MATERIAL PROVIDED Block Start
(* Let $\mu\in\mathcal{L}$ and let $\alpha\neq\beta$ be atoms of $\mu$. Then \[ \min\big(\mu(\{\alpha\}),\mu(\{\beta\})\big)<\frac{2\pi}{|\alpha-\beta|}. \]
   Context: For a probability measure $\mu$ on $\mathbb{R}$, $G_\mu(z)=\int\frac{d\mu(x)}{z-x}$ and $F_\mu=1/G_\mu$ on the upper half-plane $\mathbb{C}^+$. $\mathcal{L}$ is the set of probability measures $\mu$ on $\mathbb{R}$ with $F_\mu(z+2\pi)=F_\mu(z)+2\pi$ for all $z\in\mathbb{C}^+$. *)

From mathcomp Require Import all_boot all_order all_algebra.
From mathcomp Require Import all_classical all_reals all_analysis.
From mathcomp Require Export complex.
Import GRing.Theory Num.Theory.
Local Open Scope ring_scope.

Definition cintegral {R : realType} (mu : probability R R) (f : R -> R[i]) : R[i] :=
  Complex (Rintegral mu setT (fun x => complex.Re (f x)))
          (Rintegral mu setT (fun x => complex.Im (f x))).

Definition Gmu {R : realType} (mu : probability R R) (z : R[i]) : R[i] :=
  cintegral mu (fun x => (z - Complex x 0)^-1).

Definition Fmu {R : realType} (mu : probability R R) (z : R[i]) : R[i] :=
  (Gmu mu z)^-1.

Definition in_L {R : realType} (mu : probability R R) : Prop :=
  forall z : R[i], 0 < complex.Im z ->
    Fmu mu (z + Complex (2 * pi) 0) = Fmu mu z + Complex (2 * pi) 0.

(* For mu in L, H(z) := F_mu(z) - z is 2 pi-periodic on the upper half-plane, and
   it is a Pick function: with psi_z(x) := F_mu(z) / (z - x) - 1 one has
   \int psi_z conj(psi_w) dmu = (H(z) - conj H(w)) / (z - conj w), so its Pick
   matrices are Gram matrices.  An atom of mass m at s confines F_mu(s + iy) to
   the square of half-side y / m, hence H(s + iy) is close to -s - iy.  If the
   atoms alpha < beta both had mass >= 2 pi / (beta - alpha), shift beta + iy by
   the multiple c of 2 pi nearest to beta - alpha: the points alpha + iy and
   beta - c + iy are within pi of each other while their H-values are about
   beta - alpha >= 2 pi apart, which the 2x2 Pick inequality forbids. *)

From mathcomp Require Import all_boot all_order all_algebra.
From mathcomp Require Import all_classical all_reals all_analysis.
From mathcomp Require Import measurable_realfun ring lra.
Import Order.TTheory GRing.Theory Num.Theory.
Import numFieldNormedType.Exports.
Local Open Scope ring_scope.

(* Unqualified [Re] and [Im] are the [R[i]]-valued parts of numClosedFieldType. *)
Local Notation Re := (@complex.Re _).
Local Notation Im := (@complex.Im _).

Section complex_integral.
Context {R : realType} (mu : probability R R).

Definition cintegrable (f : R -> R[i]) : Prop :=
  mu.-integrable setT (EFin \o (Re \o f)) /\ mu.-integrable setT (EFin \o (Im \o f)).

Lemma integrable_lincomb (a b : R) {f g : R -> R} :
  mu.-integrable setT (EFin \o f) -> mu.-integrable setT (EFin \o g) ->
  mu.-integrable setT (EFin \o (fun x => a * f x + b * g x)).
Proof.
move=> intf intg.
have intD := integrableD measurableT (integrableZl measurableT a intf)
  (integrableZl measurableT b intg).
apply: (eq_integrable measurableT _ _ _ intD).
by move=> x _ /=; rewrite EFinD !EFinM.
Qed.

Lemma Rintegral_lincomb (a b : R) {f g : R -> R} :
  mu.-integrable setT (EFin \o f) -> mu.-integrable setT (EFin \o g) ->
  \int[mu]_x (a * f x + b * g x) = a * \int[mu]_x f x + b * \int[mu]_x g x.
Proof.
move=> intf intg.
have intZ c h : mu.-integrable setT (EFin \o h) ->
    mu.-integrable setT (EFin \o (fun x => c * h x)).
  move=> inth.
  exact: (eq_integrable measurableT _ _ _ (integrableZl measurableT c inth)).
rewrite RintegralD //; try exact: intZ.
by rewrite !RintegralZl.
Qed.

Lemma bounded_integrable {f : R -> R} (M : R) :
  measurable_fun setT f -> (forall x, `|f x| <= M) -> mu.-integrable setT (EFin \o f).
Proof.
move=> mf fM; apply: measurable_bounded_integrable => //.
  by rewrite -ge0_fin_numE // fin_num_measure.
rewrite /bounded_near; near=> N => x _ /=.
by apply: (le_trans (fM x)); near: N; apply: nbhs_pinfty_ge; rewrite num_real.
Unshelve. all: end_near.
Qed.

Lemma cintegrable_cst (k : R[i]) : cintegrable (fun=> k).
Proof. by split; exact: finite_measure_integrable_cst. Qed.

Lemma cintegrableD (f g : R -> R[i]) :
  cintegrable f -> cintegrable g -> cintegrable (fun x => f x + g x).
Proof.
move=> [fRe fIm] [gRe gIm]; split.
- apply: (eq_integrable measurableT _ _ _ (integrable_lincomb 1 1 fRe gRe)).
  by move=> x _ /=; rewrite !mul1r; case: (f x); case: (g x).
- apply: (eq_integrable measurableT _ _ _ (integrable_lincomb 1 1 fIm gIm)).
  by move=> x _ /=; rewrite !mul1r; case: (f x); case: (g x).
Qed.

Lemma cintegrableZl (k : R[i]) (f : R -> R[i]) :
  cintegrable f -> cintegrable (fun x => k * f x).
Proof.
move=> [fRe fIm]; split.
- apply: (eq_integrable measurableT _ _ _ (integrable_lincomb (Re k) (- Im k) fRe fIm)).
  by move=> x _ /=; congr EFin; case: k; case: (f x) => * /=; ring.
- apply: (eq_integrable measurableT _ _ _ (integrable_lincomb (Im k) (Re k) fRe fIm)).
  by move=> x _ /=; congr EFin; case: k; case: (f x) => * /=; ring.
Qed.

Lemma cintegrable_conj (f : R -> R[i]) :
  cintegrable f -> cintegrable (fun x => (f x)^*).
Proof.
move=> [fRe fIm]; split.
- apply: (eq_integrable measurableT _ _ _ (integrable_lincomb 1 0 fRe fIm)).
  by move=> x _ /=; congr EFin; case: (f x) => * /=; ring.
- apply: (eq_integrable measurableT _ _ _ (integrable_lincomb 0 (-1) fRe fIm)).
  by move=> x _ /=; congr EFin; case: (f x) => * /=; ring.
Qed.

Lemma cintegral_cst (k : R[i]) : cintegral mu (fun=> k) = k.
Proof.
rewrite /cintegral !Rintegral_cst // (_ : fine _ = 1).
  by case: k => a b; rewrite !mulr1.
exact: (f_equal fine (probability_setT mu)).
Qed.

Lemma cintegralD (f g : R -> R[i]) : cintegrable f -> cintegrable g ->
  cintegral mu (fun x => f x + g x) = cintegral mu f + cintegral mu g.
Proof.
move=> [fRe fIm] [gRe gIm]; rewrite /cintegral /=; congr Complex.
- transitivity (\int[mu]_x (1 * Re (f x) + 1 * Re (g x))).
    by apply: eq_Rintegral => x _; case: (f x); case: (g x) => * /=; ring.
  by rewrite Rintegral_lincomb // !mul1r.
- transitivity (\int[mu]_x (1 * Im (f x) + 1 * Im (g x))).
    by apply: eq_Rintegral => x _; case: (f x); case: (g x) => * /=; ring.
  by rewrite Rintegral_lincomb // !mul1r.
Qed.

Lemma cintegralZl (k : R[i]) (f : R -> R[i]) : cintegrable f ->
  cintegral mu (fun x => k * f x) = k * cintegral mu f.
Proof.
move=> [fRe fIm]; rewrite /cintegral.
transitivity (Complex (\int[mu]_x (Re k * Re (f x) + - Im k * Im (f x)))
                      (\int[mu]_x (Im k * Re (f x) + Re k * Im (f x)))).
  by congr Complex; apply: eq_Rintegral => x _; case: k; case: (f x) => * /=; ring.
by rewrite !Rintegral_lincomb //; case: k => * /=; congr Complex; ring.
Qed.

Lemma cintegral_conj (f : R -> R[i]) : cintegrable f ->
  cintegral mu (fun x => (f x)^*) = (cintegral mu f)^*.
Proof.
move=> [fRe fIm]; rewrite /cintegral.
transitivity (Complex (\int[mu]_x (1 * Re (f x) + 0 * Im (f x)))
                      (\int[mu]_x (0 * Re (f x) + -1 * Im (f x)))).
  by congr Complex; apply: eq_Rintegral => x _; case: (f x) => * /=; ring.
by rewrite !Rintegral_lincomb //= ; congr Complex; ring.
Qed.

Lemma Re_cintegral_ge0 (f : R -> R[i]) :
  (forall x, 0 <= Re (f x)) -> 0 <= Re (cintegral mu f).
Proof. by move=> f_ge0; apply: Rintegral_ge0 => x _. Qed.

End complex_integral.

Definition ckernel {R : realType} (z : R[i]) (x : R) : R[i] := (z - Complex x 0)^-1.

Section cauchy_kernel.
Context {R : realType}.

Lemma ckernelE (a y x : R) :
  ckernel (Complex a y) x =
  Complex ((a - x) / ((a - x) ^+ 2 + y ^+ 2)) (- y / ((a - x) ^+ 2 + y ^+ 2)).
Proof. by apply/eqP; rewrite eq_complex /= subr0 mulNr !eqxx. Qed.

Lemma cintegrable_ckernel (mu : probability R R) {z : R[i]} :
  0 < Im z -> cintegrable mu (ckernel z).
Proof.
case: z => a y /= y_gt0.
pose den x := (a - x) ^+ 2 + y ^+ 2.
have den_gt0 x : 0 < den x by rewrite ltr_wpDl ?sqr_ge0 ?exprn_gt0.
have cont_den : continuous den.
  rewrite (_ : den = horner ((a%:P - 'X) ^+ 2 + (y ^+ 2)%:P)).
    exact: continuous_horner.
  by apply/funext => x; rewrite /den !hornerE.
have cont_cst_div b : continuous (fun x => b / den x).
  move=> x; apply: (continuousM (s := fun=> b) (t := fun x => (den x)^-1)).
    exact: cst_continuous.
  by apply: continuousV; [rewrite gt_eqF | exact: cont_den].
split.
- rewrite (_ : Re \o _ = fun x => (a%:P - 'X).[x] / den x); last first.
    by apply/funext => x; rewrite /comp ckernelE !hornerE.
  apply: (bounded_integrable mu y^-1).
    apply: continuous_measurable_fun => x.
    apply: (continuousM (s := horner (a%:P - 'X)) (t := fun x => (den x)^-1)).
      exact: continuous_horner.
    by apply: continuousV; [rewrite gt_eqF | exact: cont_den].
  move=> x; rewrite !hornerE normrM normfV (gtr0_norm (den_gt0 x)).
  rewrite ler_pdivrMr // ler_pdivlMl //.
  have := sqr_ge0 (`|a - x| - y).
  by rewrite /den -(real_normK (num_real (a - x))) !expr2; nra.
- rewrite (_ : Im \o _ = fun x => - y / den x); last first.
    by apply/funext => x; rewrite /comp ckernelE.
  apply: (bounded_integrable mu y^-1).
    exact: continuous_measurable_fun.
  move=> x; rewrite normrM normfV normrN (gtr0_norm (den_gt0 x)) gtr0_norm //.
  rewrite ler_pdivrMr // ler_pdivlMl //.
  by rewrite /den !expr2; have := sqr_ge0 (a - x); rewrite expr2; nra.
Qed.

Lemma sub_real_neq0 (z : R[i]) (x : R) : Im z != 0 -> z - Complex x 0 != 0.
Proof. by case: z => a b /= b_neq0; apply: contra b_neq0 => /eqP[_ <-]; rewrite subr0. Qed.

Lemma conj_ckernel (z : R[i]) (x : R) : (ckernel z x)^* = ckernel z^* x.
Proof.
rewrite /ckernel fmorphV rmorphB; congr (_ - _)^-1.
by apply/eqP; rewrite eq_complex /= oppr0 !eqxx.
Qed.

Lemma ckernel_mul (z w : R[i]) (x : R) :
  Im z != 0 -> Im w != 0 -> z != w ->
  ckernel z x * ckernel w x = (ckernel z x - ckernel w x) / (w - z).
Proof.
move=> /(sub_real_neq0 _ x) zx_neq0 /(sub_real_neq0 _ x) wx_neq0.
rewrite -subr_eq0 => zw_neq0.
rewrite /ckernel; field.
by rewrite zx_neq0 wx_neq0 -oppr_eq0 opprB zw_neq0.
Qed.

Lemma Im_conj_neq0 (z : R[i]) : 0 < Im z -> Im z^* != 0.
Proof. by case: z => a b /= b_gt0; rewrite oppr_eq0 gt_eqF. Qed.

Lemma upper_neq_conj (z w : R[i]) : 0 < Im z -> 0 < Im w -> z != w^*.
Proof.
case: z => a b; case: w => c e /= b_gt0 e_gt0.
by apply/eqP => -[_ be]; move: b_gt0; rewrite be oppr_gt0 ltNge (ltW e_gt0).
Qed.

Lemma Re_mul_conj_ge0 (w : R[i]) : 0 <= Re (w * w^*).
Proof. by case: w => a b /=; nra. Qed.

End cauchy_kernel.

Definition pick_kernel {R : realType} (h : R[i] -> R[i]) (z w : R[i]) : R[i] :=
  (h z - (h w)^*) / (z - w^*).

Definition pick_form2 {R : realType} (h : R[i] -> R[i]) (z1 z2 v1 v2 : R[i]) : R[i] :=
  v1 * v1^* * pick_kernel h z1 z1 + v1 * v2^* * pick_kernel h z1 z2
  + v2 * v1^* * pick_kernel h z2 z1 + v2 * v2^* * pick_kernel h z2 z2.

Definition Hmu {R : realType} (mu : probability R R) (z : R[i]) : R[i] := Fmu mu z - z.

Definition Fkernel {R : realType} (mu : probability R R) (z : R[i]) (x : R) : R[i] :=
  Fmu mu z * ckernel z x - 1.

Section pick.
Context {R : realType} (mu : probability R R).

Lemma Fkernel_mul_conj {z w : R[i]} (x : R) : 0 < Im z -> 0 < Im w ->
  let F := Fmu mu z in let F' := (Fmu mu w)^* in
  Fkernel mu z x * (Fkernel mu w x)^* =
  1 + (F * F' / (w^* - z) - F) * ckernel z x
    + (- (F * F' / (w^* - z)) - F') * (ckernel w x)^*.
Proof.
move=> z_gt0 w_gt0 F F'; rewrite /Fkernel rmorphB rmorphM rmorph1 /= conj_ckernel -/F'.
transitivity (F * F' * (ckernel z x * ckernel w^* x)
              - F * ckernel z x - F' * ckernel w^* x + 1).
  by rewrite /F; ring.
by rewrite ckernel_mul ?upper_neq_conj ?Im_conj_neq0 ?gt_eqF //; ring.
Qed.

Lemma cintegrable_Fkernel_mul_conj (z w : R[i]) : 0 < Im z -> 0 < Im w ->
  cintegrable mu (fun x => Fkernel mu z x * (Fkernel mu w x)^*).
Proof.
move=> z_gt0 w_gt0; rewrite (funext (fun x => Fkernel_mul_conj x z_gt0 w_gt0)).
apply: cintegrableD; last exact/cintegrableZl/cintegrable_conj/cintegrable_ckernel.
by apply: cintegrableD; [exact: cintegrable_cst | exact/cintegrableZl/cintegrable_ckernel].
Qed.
MATERIAL PROVIDED Block End
■ WHAT THE TASK REQUIRES:
Only one span is to be repeated: the line with "apply: cintegrableD; last" through the final line of the entries above, word for word.

■ RESULT OF THE TASK:
apply: cintegrableD; last exact/cintegrableZl/cintegrable_conj/cintegrable_ckernel.
by apply: cintegrableD; [exact: cintegrable_cst | exact/cintegrableZl/cintegrable_ckernel].
Qed.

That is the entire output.